WHAT IS REQUIRED |
Could you return the listing below exactly, with every line intact?

DATA TO USE |
(* The class of directed Linear aTAM systems is not intrinsically universal: there is no finite 1D tile set $U$ (and temperature $\tau'$) with computable $\mathcal{R},S$ such that every directed Linear aTAM system $\mathcal{T}$ is simulated, at some scale $m$ under $\mathcal{R}(\mathcal{T})$, by the Linear aTAM system $(U,S(\mathcal{T}),\tau')$.
   Context: 1D aTAM: a tile type has a west glue and an east glue, each a pair (finite string label, nonnegative integer strength); a tile set is finite. Assemblies are partial functions $\alpha:\mathbb{Z}\dashrightarrow T$ with nonempty interval domain; adjacent tiles interact if the east glue of the left equals the west glue of the right with positive strength; $\alpha$ is $\tau$-stable if every cut between consecutive tiles has strength $\ge\tau$. A system $\mathcal{T}=(T,\sigma,\tau)$ has finite $\tau$-stable seed $\sigma$; growth is by single $\tau$-stable tile additions (finite or infinite sequences, result = limit). The Linear aTAM additionally requires that a tile can be added at empty location $p$ only if there is a path in $\mathbb{Z}$ from $p$ to a point outside the minimal bounding interval of the current assembly avoiding its domain. $\mathcal{A}[\mathcal{T}]$ are producible assemblies, $\mathcal{A}_\Box[\mathcal{T}]$ the producible ones admitting no further tile; $\mathcal{T}$ is directed if $|\mathcal{A}_\Box[\mathcal{T}]|=1$. Simulation: an $m$-block over $S$ is a partial function $\{0,\dots,m-1\}\dashrightarrow S$; $\alpha^m_x$ is $i\mapsto\alpha(mx+i)$. A partial $R$ from $m$-blocks to $T$ is valid if $\alpha\sqsubseteq\beta$, $\alpha\in\mathrm{dom}R$ imply $R(\beta)=R(\alpha)$; $R^*(\alpha')$ is $x\mapsto R(\alpha'^m_x)$. $\alpha'$ maps cleanly if each nonempty block at $x$ has $x$ or $x\pm1$ in $\mathrm{dom}\,R^*(\alpha')$ (or at most one nonempty block). $\mathcal{S}$ simulates $\mathcal{T}$ under $R$ if: (i) $R^*$ maps $\mathcal{A}[\mathcal{S}]$ onto $\mathcal{A}[\mathcal{T}]$ and $\mathcal{A}_\Box[\mathcal{S}]$ onto $\mathcal{A}_\Box[\mathcal{T}]$, all producible assemblies mapping cleanly; (ii) producible $\alpha'\to^\mathcal{S}\beta'$ implies $R^*(\alpha')\to^\mathcal{T}R^*(\beta')$; (iii) for every $\alpha\in\mathcal{A}[\mathcal{T}]$ there is $\Pi\subset\mathcal{A}[\mathcal{S}]$ with $R^*=\alpha$ on $\Pi$ such that for every producible $\beta$ with $\alpha\to^\mathcal{T}\beta$: each $\alpha'\in\Pi$ produces some $\beta'$ with $R^*(\beta')=\beta$, and whenever producible $\alpha''\to^\mathcal{S}\beta'$ with $R^*(\alpha'')=\alpha$, $R^*(\beta')=\beta$, some $\alpha'\in\Pi$ produces $\alpha''$. *)

From HB Require Import structures.
From mathcomp Require Import all_boot all_order all_algebra.
Set Implicit Arguments. Unset Strict Implicit. Unset Printing Implicit Defensive.
Import Order.TTheory GRing.Theory Num.Theory.
Local Open Scope ring_scope.

Inductive rf : Type :=
| RZero | RSucc | RProj (i : nat) | RComp (f : rf) (gs : list rf)
| RPrec (f g : rf) | RMu (f : rf).

Inductive rf_eval : rf -> seq nat -> nat -> Prop :=
| ev_zero v : rf_eval RZero v 0
| ev_succ x v : rf_eval RSucc (x :: v) x.+1
| ev_proj i v : (i < size v)%N -> rf_eval (RProj i) v (nth 0%N v i)
| ev_comp f gs v ws y : rf_evals gs v ws -> rf_eval f ws y -> rf_eval (RComp f gs) v y
| ev_prec0 f g v y : rf_eval f v y -> rf_eval (RPrec f g) (0%N :: v) y
| ev_precS f g n v r y : rf_eval (RPrec f g) (n :: v) r -> rf_eval g (n :: r :: v) y ->
    rf_eval (RPrec f g) (n.+1 :: v) y
| ev_mu f v n : rf_eval f (n :: v) 0 ->
    (forall k, (k < n)%N -> exists r, rf_eval f (k :: v) r.+1) -> rf_eval (RMu f) v n
with rf_evals : seq rf -> seq nat -> seq nat -> Prop :=
| evs_nil v : rf_evals [::] v [::]
| evs_cons g gs v y ys : rf_eval g v y -> rf_evals gs v ys -> rf_evals (g :: gs) v (y :: ys).

Definition computable_map (A B : countType) (f : A -> B) : Prop :=
  exists p : rf, forall x : A, rf_eval p [:: pickle x] (pickle (f x)).

(* A glue: (label, strength); labels are finite strings over nat. *)
Definition glue := (seq nat * nat)%type.
Definition tile := (glue * glue)%type.
Definition west (t : tile) : glue := t.1.
Definition east (t : tile) : glue := t.2.

Definition asm := int -> option tile.

Definition indom (a : asm) (z : int) : bool := a z != None.

Definition is_assembly (Ts : seq tile) (a : asm) : Prop :=
  (exists z, indom a z) /\
  (forall x y z : int, x <= y -> y <= z -> indom a x -> indom a z -> indom a y) /\
  (forall z t, a z = Some t -> t \in Ts).

Definition bond (t1 t2 : tile) : nat :=
  if east t1 == west t2 then (east t1).2 else 0%N.

Definition stable (tau : nat) (a : asm) : Prop :=
  forall z t1 t2, a z = Some t1 -> a (z + 1) = Some t2 -> (tau <= bond t1 t2)%N.

Definition seedT := (int * seq tile)%type.
Definition seed_asm (s : seedT) : asm :=
  fun z => if s.1 <= z then nth None (map Some s.2) `|z - s.1|%N else None.

Definition system := (seq tile * seedT * nat)%type.
Definition tiles_of (T : system) : seq tile := T.1.1.
Definition seed_of (T : system) : seedT := T.1.2.
Definition temp_of (T : system) : nat := T.2.

Definition valid_system (T : system) : Prop :=
  (0 < temp_of T)%N /\ (seed_of T).2 != [::] /\
  all (fun t => t \in tiles_of T) (seed_of T).2 /\
  stable (temp_of T) (seed_asm (seed_of T)).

WRITTEN SOLUTION |
(* The class of directed Linear aTAM systems is not intrinsically universal: there is no finite 1D tile set $U$ (and temperature $\tau'$) with computable $\mathcal{R},S$ such that every directed Linear aTAM system $\mathcal{T}$ is simulated, at some scale $m$ under $\mathcal{R}(\mathcal{T})$, by the Linear aTAM system $(U,S(\mathcal{T}),\tau')$.
   Context: 1D aTAM: a tile type has a west glue and an east glue, each a pair (finite string label, nonnegative integer strength); a tile set is finite. Assemblies are partial functions $\alpha:\mathbb{Z}\dashrightarrow T$ with nonempty interval domain; adjacent tiles interact if the east glue of the left equals the west glue of the right with positive strength; $\alpha$ is $\tau$-stable if every cut between consecutive tiles has strength $\ge\tau$. A system $\mathcal{T}=(T,\sigma,\tau)$ has finite $\tau$-stable seed $\sigma$; growth is by single $\tau$-stable tile additions (finite or infinite sequences, result = limit). The Linear aTAM additionally requires that a tile can be added at empty location $p$ only if there is a path in $\mathbb{Z}$ from $p$ to a point outside the minimal bounding interval of the current assembly avoiding its domain. $\mathcal{A}[\mathcal{T}]$ are producible assemblies, $\mathcal{A}_\Box[\mathcal{T}]$ the producible ones admitting no further tile; $\mathcal{T}$ is directed if $|\mathcal{A}_\Box[\mathcal{T}]|=1$. Simulation: an $m$-block over $S$ is a partial function $\{0,\dots,m-1\}\dashrightarrow S$; $\alpha^m_x$ is $i\mapsto\alpha(mx+i)$. A partial $R$ from $m$-blocks to $T$ is valid if $\alpha\sqsubseteq\beta$, $\alpha\in\mathrm{dom}R$ imply $R(\beta)=R(\alpha)$; $R^*(\alpha')$ is $x\mapsto R(\alpha'^m_x)$. $\alpha'$ maps cleanly if each nonempty block at $x$ has $x$ or $x\pm1$ in $\mathrm{dom}\,R^*(\alpha')$ (or at most one nonempty block). $\mathcal{S}$ simulates $\mathcal{T}$ under $R$ if: (i) $R^*$ maps $\mathcal{A}[\mathcal{S}]$ onto $\mathcal{A}[\mathcal{T}]$ and $\mathcal{A}_\Box[\mathcal{S}]$ onto $\mathcal{A}_\Box[\mathcal{T}]$, all producible assemblies mapping cleanly; (ii) producible $\alpha'\to^\mathcal{S}\beta'$ implies $R^*(\alpha')\to^\mathcal{T}R^*(\beta')$; (iii) for every $\alpha\in\mathcal{A}[\mathcal{T}]$ there is $\Pi\subset\mathcal{A}[\mathcal{S}]$ with $R^*=\alpha$ on $\Pi$ such that for every producible $\beta$ with $\alpha\to^\mathcal{T}\beta$: each $\alpha'\in\Pi$ produces some $\beta'$ with $R^*(\beta')=\beta$, and whenever producible $\alpha''\to^\mathcal{S}\beta'$ with $R^*(\alpha'')=\alpha$, $R^*(\beta')=\beta$, some $\alpha'\in\Pi$ produces $\alpha''$. *)

From HB Require Import structures.
From mathcomp Require Import all_boot all_order all_algebra.
Set Implicit Arguments. Unset Strict Implicit. Unset Printing Implicit Defensive.
Import Order.TTheory GRing.Theory Num.Theory.
Local Open Scope ring_scope.

Inductive rf : Type :=
| RZero | RSucc | RProj (i : nat) | RComp (f : rf) (gs : list rf)
| RPrec (f g : rf) | RMu (f : rf).

Inductive rf_eval : rf -> seq nat -> nat -> Prop :=
| ev_zero v : rf_eval RZero v 0
| ev_succ x v : rf_eval RSucc (x :: v) x.+1
| ev_proj i v : (i < size v)%N -> rf_eval (RProj i) v (nth 0%N v i)
| ev_comp f gs v ws y : rf_evals gs v ws -> rf_eval f ws y -> rf_eval (RComp f gs) v y
| ev_prec0 f g v y : rf_eval f v y -> rf_eval (RPrec f g) (0%N :: v) y
| ev_precS f g n v r y : rf_eval (RPrec f g) (n :: v) r -> rf_eval g (n :: r :: v) y ->
    rf_eval (RPrec f g) (n.+1 :: v) y
| ev_mu f v n : rf_eval f (n :: v) 0 ->
    (forall k, (k < n)%N -> exists r, rf_eval f (k :: v) r.+1) -> rf_eval (RMu f) v n
with rf_evals : seq rf -> seq nat -> seq nat -> Prop :=
| evs_nil v : rf_evals [::] v [::]
| evs_cons g gs v y ys : rf_eval g v y -> rf_evals gs v ys -> rf_evals (g :: gs) v (y :: ys).

Definition computable_map (A B : countType) (f : A -> B) : Prop :=
  exists p : rf, forall x : A, rf_eval p [:: pickle x] (pickle (f x)).

(* A glue: (label, strength); labels are finite strings over nat. *)
Definition glue := (seq nat * nat)%type.
Definition tile := (glue * glue)%type.
Definition west (t : tile) : glue := t.1.
Definition east (t : tile) : glue := t.2.

Definition asm := int -> option tile.

Definition indom (a : asm) (z : int) : bool := a z != None.

Definition is_assembly (Ts : seq tile) (a : asm) : Prop :=
  (exists z, indom a z) /\
  (forall x y z : int, x <= y -> y <= z -> indom a x -> indom a z -> indom a y) /\
  (forall z t, a z = Some t -> t \in Ts).

Definition bond (t1 t2 : tile) : nat :=
  if east t1 == west t2 then (east t1).2 else 0%N.

Definition stable (tau : nat) (a : asm) : Prop :=
  forall z t1 t2, a z = Some t1 -> a (z + 1) = Some t2 -> (tau <= bond t1 t2)%N.

Definition seedT := (int * seq tile)%type.
Definition seed_asm (s : seedT) : asm :=
  fun z => if s.1 <= z then nth None (map Some s.2) `|z - s.1|%N else None.

Definition system := (seq tile * seedT * nat)%type.
Definition tiles_of (T : system) : seq tile := T.1.1.
Definition seed_of (T : system) : seedT := T.1.2.
Definition temp_of (T : system) : nat := T.2.

Definition valid_system (T : system) : Prop :=
  (0 < temp_of T)%N /\ (seed_of T).2 != [::] /\
  all (fun t => t \in tiles_of T) (seed_of T).2 /\
  stable (temp_of T) (seed_asm (seed_of T)).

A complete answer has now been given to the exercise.